(Exercise materials)

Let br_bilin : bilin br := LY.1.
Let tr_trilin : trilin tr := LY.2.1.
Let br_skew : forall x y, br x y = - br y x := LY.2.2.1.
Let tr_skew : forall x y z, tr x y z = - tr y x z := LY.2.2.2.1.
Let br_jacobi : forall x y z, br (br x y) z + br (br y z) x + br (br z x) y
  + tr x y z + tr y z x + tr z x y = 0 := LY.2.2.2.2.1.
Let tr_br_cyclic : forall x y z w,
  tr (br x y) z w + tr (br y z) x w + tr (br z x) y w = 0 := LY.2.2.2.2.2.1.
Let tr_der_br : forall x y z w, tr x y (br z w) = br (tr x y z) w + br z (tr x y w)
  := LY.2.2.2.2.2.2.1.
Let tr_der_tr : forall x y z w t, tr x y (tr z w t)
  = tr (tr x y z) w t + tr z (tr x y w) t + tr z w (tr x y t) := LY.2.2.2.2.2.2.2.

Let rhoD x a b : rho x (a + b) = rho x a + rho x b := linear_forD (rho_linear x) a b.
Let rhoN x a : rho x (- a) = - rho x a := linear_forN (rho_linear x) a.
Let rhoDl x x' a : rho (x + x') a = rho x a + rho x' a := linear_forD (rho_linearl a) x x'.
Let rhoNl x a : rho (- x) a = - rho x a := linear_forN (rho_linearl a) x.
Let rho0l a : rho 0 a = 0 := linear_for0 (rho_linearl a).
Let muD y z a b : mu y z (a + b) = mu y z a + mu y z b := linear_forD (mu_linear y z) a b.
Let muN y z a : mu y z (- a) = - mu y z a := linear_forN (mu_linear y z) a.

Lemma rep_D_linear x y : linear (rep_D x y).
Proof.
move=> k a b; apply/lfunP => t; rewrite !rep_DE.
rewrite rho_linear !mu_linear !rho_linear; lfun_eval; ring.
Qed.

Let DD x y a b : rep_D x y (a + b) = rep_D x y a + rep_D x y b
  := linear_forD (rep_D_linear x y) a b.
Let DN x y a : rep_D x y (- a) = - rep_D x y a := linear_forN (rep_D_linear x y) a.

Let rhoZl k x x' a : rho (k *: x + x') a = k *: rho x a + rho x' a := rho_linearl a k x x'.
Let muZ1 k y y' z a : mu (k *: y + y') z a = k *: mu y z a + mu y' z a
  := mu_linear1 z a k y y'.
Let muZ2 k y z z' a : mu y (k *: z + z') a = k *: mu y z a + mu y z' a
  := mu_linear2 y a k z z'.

(End Exercise materials)
(Exercise materials)

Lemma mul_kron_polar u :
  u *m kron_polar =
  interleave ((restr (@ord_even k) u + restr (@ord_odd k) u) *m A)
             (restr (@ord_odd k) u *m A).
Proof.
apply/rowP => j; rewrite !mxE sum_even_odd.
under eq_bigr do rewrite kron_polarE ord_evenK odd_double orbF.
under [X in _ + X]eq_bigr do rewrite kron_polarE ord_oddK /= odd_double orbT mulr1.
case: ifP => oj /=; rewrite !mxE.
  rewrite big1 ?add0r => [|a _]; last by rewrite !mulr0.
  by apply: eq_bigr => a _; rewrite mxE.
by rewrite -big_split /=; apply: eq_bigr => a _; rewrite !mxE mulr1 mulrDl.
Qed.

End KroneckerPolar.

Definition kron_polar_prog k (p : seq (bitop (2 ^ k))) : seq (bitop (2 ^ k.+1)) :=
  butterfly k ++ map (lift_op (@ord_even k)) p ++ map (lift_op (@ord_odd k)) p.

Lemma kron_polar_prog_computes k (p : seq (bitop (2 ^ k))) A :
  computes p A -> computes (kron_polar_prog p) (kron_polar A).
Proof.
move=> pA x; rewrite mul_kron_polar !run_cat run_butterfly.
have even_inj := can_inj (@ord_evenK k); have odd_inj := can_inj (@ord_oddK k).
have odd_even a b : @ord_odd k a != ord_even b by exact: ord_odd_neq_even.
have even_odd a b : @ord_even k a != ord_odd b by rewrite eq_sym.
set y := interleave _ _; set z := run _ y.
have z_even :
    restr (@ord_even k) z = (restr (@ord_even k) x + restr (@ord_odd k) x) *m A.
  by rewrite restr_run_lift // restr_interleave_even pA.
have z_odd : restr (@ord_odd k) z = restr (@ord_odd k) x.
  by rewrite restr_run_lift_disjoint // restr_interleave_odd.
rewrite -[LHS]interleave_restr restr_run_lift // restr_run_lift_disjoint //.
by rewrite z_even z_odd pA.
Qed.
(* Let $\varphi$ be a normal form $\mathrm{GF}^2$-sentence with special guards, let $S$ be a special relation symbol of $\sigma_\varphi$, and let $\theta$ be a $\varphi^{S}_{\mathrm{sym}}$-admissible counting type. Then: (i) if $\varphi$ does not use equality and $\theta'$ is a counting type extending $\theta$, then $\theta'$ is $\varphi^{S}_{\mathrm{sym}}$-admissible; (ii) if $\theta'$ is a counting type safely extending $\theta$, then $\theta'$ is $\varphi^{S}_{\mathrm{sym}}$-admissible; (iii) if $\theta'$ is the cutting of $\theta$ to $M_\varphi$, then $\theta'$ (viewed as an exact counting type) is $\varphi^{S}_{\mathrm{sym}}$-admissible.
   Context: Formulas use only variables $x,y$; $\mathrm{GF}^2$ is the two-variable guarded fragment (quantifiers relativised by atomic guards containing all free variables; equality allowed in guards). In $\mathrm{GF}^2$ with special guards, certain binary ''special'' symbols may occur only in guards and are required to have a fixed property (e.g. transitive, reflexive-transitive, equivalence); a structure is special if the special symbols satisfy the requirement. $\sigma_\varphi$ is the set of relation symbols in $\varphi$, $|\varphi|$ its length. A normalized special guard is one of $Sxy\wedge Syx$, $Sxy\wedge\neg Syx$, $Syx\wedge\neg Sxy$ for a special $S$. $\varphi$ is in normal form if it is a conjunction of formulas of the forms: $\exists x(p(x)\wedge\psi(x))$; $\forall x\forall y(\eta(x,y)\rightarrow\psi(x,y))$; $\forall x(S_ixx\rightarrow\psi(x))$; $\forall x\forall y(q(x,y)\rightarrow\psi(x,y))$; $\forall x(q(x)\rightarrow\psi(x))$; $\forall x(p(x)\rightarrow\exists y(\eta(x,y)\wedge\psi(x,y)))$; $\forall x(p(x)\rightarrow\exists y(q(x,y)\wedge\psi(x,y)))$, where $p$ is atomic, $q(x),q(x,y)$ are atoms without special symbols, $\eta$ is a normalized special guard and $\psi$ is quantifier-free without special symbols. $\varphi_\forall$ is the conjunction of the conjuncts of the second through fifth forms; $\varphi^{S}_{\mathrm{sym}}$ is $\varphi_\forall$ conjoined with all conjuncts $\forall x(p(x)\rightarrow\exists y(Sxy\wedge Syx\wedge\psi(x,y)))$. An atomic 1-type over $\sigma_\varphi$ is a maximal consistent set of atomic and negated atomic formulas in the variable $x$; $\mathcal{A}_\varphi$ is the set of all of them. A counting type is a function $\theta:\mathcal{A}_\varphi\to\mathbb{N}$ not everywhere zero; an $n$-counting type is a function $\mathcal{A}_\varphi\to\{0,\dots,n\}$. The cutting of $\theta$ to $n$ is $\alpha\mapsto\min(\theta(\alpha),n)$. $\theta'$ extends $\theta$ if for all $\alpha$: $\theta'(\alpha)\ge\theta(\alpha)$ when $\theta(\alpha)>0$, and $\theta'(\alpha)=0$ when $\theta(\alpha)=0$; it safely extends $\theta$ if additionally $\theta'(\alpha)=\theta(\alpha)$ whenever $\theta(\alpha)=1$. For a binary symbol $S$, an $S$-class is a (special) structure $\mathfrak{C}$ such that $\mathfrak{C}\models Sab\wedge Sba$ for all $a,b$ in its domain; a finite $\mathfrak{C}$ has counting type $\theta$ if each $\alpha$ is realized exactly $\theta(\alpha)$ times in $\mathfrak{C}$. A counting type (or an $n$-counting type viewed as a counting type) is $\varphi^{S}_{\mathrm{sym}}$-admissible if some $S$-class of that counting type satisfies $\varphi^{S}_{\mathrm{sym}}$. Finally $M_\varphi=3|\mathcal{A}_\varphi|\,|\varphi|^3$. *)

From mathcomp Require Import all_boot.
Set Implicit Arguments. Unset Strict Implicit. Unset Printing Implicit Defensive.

(End Exercise materials)
(Exercise materials)

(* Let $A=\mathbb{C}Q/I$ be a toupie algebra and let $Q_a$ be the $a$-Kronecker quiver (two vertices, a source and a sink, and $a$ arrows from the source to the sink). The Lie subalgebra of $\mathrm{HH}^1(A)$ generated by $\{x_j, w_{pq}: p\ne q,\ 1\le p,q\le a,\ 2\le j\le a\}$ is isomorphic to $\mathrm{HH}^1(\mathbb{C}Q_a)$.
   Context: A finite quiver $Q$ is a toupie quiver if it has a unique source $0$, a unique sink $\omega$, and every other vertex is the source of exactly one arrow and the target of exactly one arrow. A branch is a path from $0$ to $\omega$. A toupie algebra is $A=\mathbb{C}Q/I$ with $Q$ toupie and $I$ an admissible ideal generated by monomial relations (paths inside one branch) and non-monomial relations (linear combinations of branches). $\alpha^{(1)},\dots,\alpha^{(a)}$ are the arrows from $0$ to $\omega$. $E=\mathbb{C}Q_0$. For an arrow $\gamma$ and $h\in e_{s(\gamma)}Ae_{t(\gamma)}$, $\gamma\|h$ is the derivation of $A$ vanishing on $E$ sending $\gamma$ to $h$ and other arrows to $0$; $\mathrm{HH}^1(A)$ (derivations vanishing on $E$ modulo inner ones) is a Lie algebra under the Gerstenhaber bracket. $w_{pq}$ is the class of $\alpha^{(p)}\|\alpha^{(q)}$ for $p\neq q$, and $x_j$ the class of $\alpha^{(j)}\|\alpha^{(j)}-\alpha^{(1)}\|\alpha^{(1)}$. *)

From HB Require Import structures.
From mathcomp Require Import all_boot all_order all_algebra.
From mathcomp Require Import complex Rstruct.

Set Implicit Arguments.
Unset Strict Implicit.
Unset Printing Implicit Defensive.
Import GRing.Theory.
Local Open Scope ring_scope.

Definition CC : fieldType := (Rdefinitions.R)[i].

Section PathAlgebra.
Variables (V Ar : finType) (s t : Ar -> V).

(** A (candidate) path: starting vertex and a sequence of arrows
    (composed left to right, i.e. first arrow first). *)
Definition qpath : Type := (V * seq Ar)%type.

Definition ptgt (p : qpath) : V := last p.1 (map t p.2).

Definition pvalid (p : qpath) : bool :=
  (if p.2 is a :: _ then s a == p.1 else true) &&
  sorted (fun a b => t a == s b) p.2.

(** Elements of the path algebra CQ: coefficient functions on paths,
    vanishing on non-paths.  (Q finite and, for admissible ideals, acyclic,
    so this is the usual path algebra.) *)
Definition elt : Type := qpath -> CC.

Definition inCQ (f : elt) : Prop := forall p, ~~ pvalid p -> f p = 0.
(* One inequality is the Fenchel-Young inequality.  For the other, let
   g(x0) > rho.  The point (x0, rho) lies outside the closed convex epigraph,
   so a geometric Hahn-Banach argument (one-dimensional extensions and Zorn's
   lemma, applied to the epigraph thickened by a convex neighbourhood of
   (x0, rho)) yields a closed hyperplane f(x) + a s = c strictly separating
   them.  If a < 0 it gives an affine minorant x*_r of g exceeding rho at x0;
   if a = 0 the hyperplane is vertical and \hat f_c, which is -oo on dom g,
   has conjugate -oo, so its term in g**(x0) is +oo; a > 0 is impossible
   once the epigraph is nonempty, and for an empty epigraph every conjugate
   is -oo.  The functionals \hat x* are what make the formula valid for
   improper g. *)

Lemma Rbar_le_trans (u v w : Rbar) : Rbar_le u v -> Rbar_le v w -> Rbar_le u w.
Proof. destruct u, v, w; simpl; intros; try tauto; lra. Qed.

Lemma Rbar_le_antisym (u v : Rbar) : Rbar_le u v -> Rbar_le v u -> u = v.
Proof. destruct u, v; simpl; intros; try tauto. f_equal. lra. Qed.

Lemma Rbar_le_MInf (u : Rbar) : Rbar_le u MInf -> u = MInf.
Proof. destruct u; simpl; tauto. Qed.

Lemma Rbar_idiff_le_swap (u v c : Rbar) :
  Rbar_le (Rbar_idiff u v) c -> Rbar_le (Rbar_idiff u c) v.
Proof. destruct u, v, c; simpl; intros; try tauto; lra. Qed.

(End Exercise materials)

Exercise aim: From the material above, set down exactly the lines starting at the one with "Let rhoNl x" and ending at the one with "y a k z z'.", end lines included.

Exercise solution:
Let rhoNl x a : rho (- x) a = - rho x a := linear_forN (rho_linearl a) x.
Let rho0l a : rho 0 a = 0 := linear_for0 (rho_linearl a).
Let muD y z a b : mu y z (a + b) = mu y z a + mu y z b := linear_forD (mu_linear y z) a b.
Let muN y z a : mu y z (- a) = - mu y z a := linear_forN (mu_linear y z) a.

Lemma rep_D_linear x y : linear (rep_D x y).
Proof.
move=> k a b; apply/lfunP => t; rewrite !rep_DE.
rewrite rho_linear !mu_linear !rho_linear; lfun_eval; ring.
Qed.

Let DD x y a b : rep_D x y (a + b) = rep_D x y a + rep_D x y b
  := linear_forD (rep_D_linear x y) a b.
Let DN x y a : rep_D x y (- a) = - rep_D x y a := linear_forN (rep_D_linear x y) a.

Let rhoZl k x x' a : rho (k *: x + x') a = k *: rho x a + rho x' a := rho_linearl a k x x'.
Let muZ1 k y y' z a : mu (k *: y + y') z a = k *: mu y z a + mu y' z a
  := mu_linear1 z a k y y'.
Let muZ2 k y z z' a : mu y (k *: z + z') a = k *: mu y z a + mu y z' a
  := mu_linear2 y a k z z'.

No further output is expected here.